- Born: 1933 Canton, China
- Died: 22 July 2008 Regina, Saskatchewan
- Known for: painter, sculptor
- Movement: Rogerism, modernism, abstract art, postmodern art

= Roger Ing =

Roger Ing (1933 - 22 July 2008) was a Chinese Canadian artist.

Born in Canton, China, he emigrated to Regina, Saskatchewan, Canada in 1950 at the age of 12.

Roger was well known as the owner of the New Utopia Cafe, a popular gathering place for locals and artists in Regina's North Central neighborhood. Through the 1980s and 90s, the New Utopia Cafe was a gathering place for Regina's visual artists including Regina Five artist Arthur McKay, sculptor Joe Fafard, multimedia artist Edward Poitras, painters Ernest Klinger, Sally Hui, Daniel E. Sali, Jack Severson and Lynda Walker and photographers Tom Bartlett and Jason Weedmark.

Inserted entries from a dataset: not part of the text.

Definition genus G : int := (betti1 G + (\sum_(v < nv G) wt G v)%:Z)%R.

Section CompatibleMap.
Variables (G G' : sgraph n) (f : gmap G G').
Hypotheses (f_compat : compat f) (mH_inj : injective (mH f)).

Lemma involution_image :
  (forall k, Defs.inv G (Defs.inv G k) = k /\ Defs.inv G k != k) ->
  forall k', Defs.inv G' (Defs.inv G' k') = k' /\ Defs.inv G' k' != k'.
Proof.
case: f_compat => mH_inv _ invG k'; have [invK inv_neq] := invG (mH f k').
split; first by apply: mH_inj; rewrite -!mH_inv.
by apply: contraNneq inv_neq => eqk'; rewrite mH_inv eqk'.
Qed.

Lemma connected_image :
  (forall v', exists v, mV f v = v') ->
  (forall k, k \notin codom (mH f) -> mV f (vert G k) = mV f (vert G (Defs.inv G k))) ->
  (forall u v, connect (@adj n G) u v) -> forall u' v', connect (@adj n G') u' v'.
Proof.
case: f_compat => mH_inv [mH_vert _] mV_surj collapse connG u' v'.
have [u <-] := mV_surj u'; have [v <-] := mV_surj v'.
have /connectP [p] := connG u v; elim: p u => [|w p IHp] u /=; first by move=> _ ->.
case/andP=> /existsP [k /andP [/eqP <- /eqP <-]] path_p last_p.
apply: connect_trans (IHp _ path_p last_p); have [/codomP [k' ->] | /collapse ->] :=
  boolP (k \in codom (mH f)); last exact: connect0.
by apply: connect1; apply/existsP; exists k'; rewrite mH_inv !mH_vert !eqxx.
Qed.

Lemma degE_image x :
  degE (mV f x) = #|[set k | (k \in codom (mH f)) && (mV f (vert G k) == mV f x)]|.
Proof.
case: f_compat => _ [mH_vert _]; rewrite /degE -(card_imset _ mH_inj).
apply: eq_card => k; rewrite !inE; apply/imsetP/andP => [[k' vk' ->] | [/codomP [k' ->]]].
  by rewrite codom_f mH_vert; move: vk'; rewrite inE.
by rewrite mH_vert => vk'; exists k'; rewrite ?inE.
Qed.

Lemma degA_image x : degA A (mV f x) = (\sum_(i < n | mV f (leg G i) == mV f x) A i)%R.
Proof. by case: f_compat => _ [_ mV_leg]; apply: eq_bigl => i; rewrite mV_leg. Qed.

End CompatibleMap.

Lemma well_formed_image G G' (f : gmap G G') : compat f -> injective (mH f) ->
  (forall v', exists v, mV f v = v') ->
  (forall k, k \notin codom (mH f) -> mV f (vert G k) = mV f (vert G (Defs.inv G k))) ->
  well_formed G -> well_formed G'.
Proof.
move=> f_compat mH_inj mV_surj collapse [invG connG].
split; first exact: involution_image f_compat mH_inj invG.
exact: connected_image f_compat mV_surj collapse connG.
Qed.

Lemma iso_stable G G' (f : gmap G G') :
  is_iso f -> stable_graph g A G -> stable_graph g A G'.
Proof.
case=> f_compat [mV_bij [mH_bij wt_f]] [wfG [genusG stableG]].
have mV_inj := bij_inj mV_bij; have mH_inj := bij_inj mH_bij.
have mH_codom k : k \in codom (mH f).
  by have [mH' _ mHK'] := mH_bij; rewrite -[k]mHK' codom_f.
have mV_surj v' : exists v, mV f v = v'.
  by have [mV' _ mVK'] := mV_bij; exists (mV' v'); rewrite mVK'.
split; first by apply: well_formed_image f_compat mH_inj mV_surj _ wfG => k; rewrite mH_codom.
split.
  have card_nh : nh G' = nh G by have := bij_eq_card mH_bij; rewrite !card_ord.
  have card_nv : nv G' = nv G by have := bij_eq_card mV_bij; rewrite !card_ord.
  have sum_wt : (\sum_(v < nv G') wt G' v = \sum_(v < nv G) wt G v)%N.
    by rewrite (reindex (mV f)) /=; [apply: eq_bigr => v _; rewrite wt_f | apply: onW_bij].
  by rewrite -genusG /betti1 sum_wt card_nh card_nv.
move=> v'; have [v <-] := mV_surj v'; rewrite wt_f degE_image // degA_image //.
rewrite (eq_card (B := [set k | vert G k == v])); last first.
  by move=> k; rewrite !inE mH_codom (inj_eq mV_inj).
rewrite (eq_bigl (fun i => leg G i == v)) => [|i]; first exact: stableG.
by rewrite (inj_eq mV_inj).
Qed.

Section Contraction.
Variables (G G' : sgraph n) (f : gmap G G') (h : 'I_(nh G)).
Local Notation a := (vert G h).
Local Notation b := (vert G (Defs.inv G h)).
Hypotheses (f_compat : compat f) (mH_inj : injective (mH f))
  (codom_mH : forall k, (k \in codom (mH f)) = (k != h) && (k != Defs.inv G h))
  (mV_surj : forall v', exists v, mV f v = v')
  (mV_eq : forall x y, (mV f x == mV f y) =
                       [|| x == y, (x == a) && (y == b) | (x == b) && (y == a)])
  (wt_unmerged : forall v, v != a -> v != b -> wt G' (mV f v) = wt G v)
  (wt_merged : wt G' (mV f a) = wt G a + (if a == b then 1 else wt G b))
  (inv_h_neq : Defs.inv G h != h).

Lemma mV_eq_merged y : (mV f y == mV f a) = (y == a) || (y == b).
Proof. by rewrite mV_eq eqxx andbT; case: (y == a). Qed.

Lemma mV_eq_unmerged x y : x != a -> x != b -> (mV f y == mV f x) = (y == x).
Proof. by move=> /negbTE xa /negbTE xb; rewrite mV_eq xa xb !andbF !orbF. Qed.

Lemma contraction_sum (F : 'I_(nv G) -> nat) (F' : 'I_(nv G') -> nat) :
  (forall x, x != a -> x != b -> F' (mV f x) = F x) ->
  (\sum_v' F' v' + \sum_(x in [set a; b]) F x = \sum_x F x + F' (mV f a))%N.
Proof.
move=> FF'; rewrite [in RHS](partition_big (mV f) predT) //=.
rewrite (bigD1 (mV f a)) //= [in RHS](bigD1 (mV f a)) //=.
rewrite -addnA addnC; congr (_ + _)%N; rewrite addnC; congr (_ + _)%N; last first.
  apply: eq_bigr => j; have [x <-] := mV_surj j => /negbTE ne_a.
  have /norP [xa xb] : ~~ ((x == a) || (x == b)) by rewrite -mV_eq_merged ne_a.
  by rewrite FF' // (big_pred1 x) // => y; apply: mV_eq_unmerged.
by apply: eq_bigl => x; rewrite mV_eq_merged !inE.
Qed.

Lemma contraction_nh : nh G = (nh G').+2.
Proof.
have := cardC (pred2 h (Defs.inv G h)); rewrite card2 eq_sym inv_h_neq card_ord.
move=> <-; rewrite -[nh G']card_ord -(card_codom mH_inj).
by rewrite add2n; congr _.+2; apply: eq_card => k; rewrite !inE codom_mH negb_or.
Qed.

Lemma contraction_genus : genus G' = genus G.
Proof.
have := @contraction_sum (fun _ => 1%N) (fun _ => 1%N) (fun _ _ _ => erefl).
have := contraction_sum wt_unmerged; rewrite wt_merged !sum1_card cards2 !card_ord.
have half_nh : (nh G)./2 = ((nh G')./2).+1 by rewrite contraction_nh.
rewrite /genus /betti1 half_nh.
have [-> | ne_ab] := eqVneq a b.
  rewrite setUid big_set1 /=; lia.
rewrite big_setU1 ?inE // big_set1 /=; lia.
Qed.

Lemma degE_unmerged x : x != a -> x != b -> degE (mV f x) = degE x.
Proof.
move=> xa xb; rewrite degE_image //; apply: eq_card => k.
rewrite !inE codom_mH (mV_eq_unmerged _ xa xb).
case: (eqVneq (vert G k) x) => [vk | _]; rewrite ?andbF ?andbT //.
by apply/andP; split; apply/eqP => ek; rewrite -vk ek eqxx in xa xb.
Qed.

Lemma degA_unmerged x : x != a -> x != b -> degA A (mV f x) = degA A x.
Proof.
by move=> xa xb; rewrite degA_image //; apply: eq_bigl => i; rewrite mV_eq_unmerged.
Qed.

Lemma degE_merged : (degE (mV f a)).+2 = degE a + (if a == b then 0 else degE b).
Proof.
set T := [set k | (vert G k == a) || (vert G k == b)].
have -> : degE (mV f a) = #|T :\ h :\ Defs.inv G h|.
  rewrite degE_image //; apply: eq_card => k.
  by rewrite !inE codom_mH mV_eq_merged -andbA andbCA.
have -> : (#|T :\ h :\ Defs.inv G h|).+2 = #|T|.
  by rewrite (cardsD1 h T) (cardsD1 (Defs.inv G h) (T :\ h)) !inE inv_h_neq !eqxx orbT.
have [eq_ab | ne_ab] := eqVneq a b.
  by rewrite addn0 /degE; apply: eq_card => k; rewrite !inE -eq_ab orbb.
rewrite /degE -cardsUI.
have -> : [set k | vert G k == a] :&: [set k | vert G k == b] = set0.
  apply/setP => k; rewrite !inE; apply/andP => -[/eqP vk /eqP vk'].
  by rewrite -vk vk' eqxx in ne_ab.
by rewrite cards0 addn0; apply: eq_card => k; rewrite !inE.
Qed.

Lemma degA_merged : degA A (mV f a) = (degA A a + if a == b then 0 else degA A b)%R.
Proof.
rewrite degA_image //.
rewrite (eq_bigl (fun i => (leg G i == a) || (leg G i == b))) => [|i]; last first.
  exact: mV_eq_merged.
have [eq_ab | ne_ab] := eqVneq a b.
  by rewrite addr0; apply: eq_bigl => i; rewrite -eq_ab orbb.
rewrite (bigID (fun i => leg G i == a)) /=; congr (_ + _)%R; apply: eq_bigl => i.
  by case: (leg G i == a); rewrite /= ?andbF ?andbT.
by case: (eqVneq (leg G i) a) => [-> | _]; rewrite ?(negbTE ne_ab) ?andbT.
Qed.

Lemma merged_stable :
  (forall v, 0 < 2 * (wt G v)%:R - 2 + (degE v)%:R + degA A v)%R ->
  (0 < 2 * (wt G' (mV f a))%:R - 2 + (degE (mV f a))%:R + degA A (mV f a))%R.
Proof.
move=> stableG; have := stableG a; have := stableG b.
have := congr1 (fun m => m%:R : rat) degE_merged; rewrite /= degA_merged wt_merged.
case: (a == b); rewrite -addn2 !natrD /=; lra.
Qed.

End Contraction.

Lemma contraction_stable G G' (f : gmap G G') h :
  is_contraction f h -> stable_graph g A G -> stable_graph g A G'.
Proof.
case=> f_compat [mH_inj [codom_mH [mV_surj [mV_eq [wt_unmerged wt_merged]]]]].
case=> [[invG connG] [genusG stableG]]; have [invK_h inv_h_neq] := invG h.
have mV_ab : mV f (vert G (Defs.inv G h)) = mV f (vert G h).
  by apply/eqP; rewrite mV_eq !eqxx andbT !orbT.
split.
  apply: well_formed_image f_compat mH_inj mV_surj _ (conj invG connG) => k.
  by rewrite codom_mH negb_and !negbK => /orP [] /eqP ->; rewrite ?invK_h mV_ab.
split; first by rewrite -genusG;
  exact: contraction_genus mH_inj codom_mH mV_surj mV_eq wt_unmerged wt_merged inv_h_neq.
move=> v'; have [x <-] := mV_surj v'.
have [x_ab | /norP [xa xb]] := boolP ((x == vert G h) || (x == vert G (Defs.inv G h))).
  have -> : mV f x = mV f (vert G h) by apply/eqP; rewrite mV_eq_merged.
  exact: merged_stable.
by rewrite wt_unmerged // (degE_unmerged (h := h)) // (degA_unmerged (h := h)).
Qed.

Lemma stable_morphism_closed : morphism_closed (stable_graph g A).
Proof.
by split=> X Y f; [apply: iso_stable | move=> h; apply: (@contraction_stable X Y f h)].
Qed.

End Stability.

Section Chambers.
Variables (n g : nat).
Implicit Types (A B C : 'I_n -> rat) (G : sgraph n) (S : {set 'I_n}) (s t : 'S_n).

Lemma wsum_le_card C S : (forall i, C i <= 1)%R -> (wsum C S <= #|S|%:R)%R.
Proof. by move=> C_le1; rewrite -sumr_const; apply: ler_sum => i _. Qed.

Lemma wsum_setC C S : (wsum C S = \sum_(i < n) C i - wsum C (~: S))%R.
Proof.
have -> : wsum C (~: S) = (\sum_(i | i \notin S) C i)%R.
  by apply: eq_bigl => i; rewrite in_setC.
by rewrite (bigID (mem S)) /= addrK.
Qed.

Lemma chamber_le_wsum_gt1 A B S : weight_datum g A -> weight_datum g B ->
  chamber_le g A B -> (1 < wsum A S)%R -> (1 < wsum B S)%R.
Proof.
move=> [A01 _] [B01 sumB] le_AB gt1_A.
have card_S : 1 < #|S|.
  rewrite ltnNge; apply/negP => card_S; have := wsum_le_card S (fun i => proj2 (A01 i)).
  by rewrite -(ler_nat rat) in card_S; lra.
have [adm | not_adm] := boolP (admissible g S); first exact: le_AB adm gt1_A.
have [g0 card_Sc] : g = 0 /\ #|~: S| <= 1.
  have := cardsC S; rewrite card_ord; move: not_adm; rewrite /admissible card_S.
  by case: (g) => [|g'] /=; lia.
subst g; rewrite -(ler_nat rat) in card_Sc; rewrite mulr0 in sumB.
have := wsum_le_card (~: S) (fun i => proj2 (B01 i)); rewrite (wsum_setC B S); lra.
Qed.

Lemma isolated_vertex G v : well_formed G -> degE v = 0 ->
  (forall u, u = v) /\ genus G = Posz (wt G v).
Proof.
move=> [_ connG] degE0.
have no_half_edge k : vert G k != v.
  by apply/negP => vk; move/cards0_eq/setP/(_ k): degE0; rewrite !inE vk.
have all_v u : u = v.
  have /connectP [[|w p] /=] := connG v u; first by move=> _ ->.
  by case/andP=> /existsP [k /andP [vk _]]; rewrite (negbTE (no_half_edge k)) in vk.
have nh0 : nh G = 0.
  rewrite -[nh G]card_ord; apply: eq_card0 => k.
  by have := no_half_edge k; rewrite (all_v (vert G k)) eqxx.
have nv1 : nv G = 1.
  by rewrite -[nv G]card_ord -(card1 v); apply: eq_card => u; rewrite (all_v u) !inE eqxx.
have sum_wt : (\sum_(u < nv G) wt G u)%N = wt G v.
  by rewrite (bigD1 v) //= big1 ?addn0 // => u; rewrite (all_v u) eqxx.
split=> //; rewrite /genus /betti1 sum_wt nh0 [in Posz (nv G)]nv1 /=; lia.
Qed.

The New Utopia Cafe, besides functioning as a gathering place, served as an Art gallery showcasing Roger's artwork and functioned as Roger's painting studio.

Roger Ing was featured on the Much Music program, Mike & Mike's Excellent X-Canada Adventures.

In 1998, he was given a solo exhibition at the MacKenzie Art Gallery. The gallery also has two of Roger's works in their collection.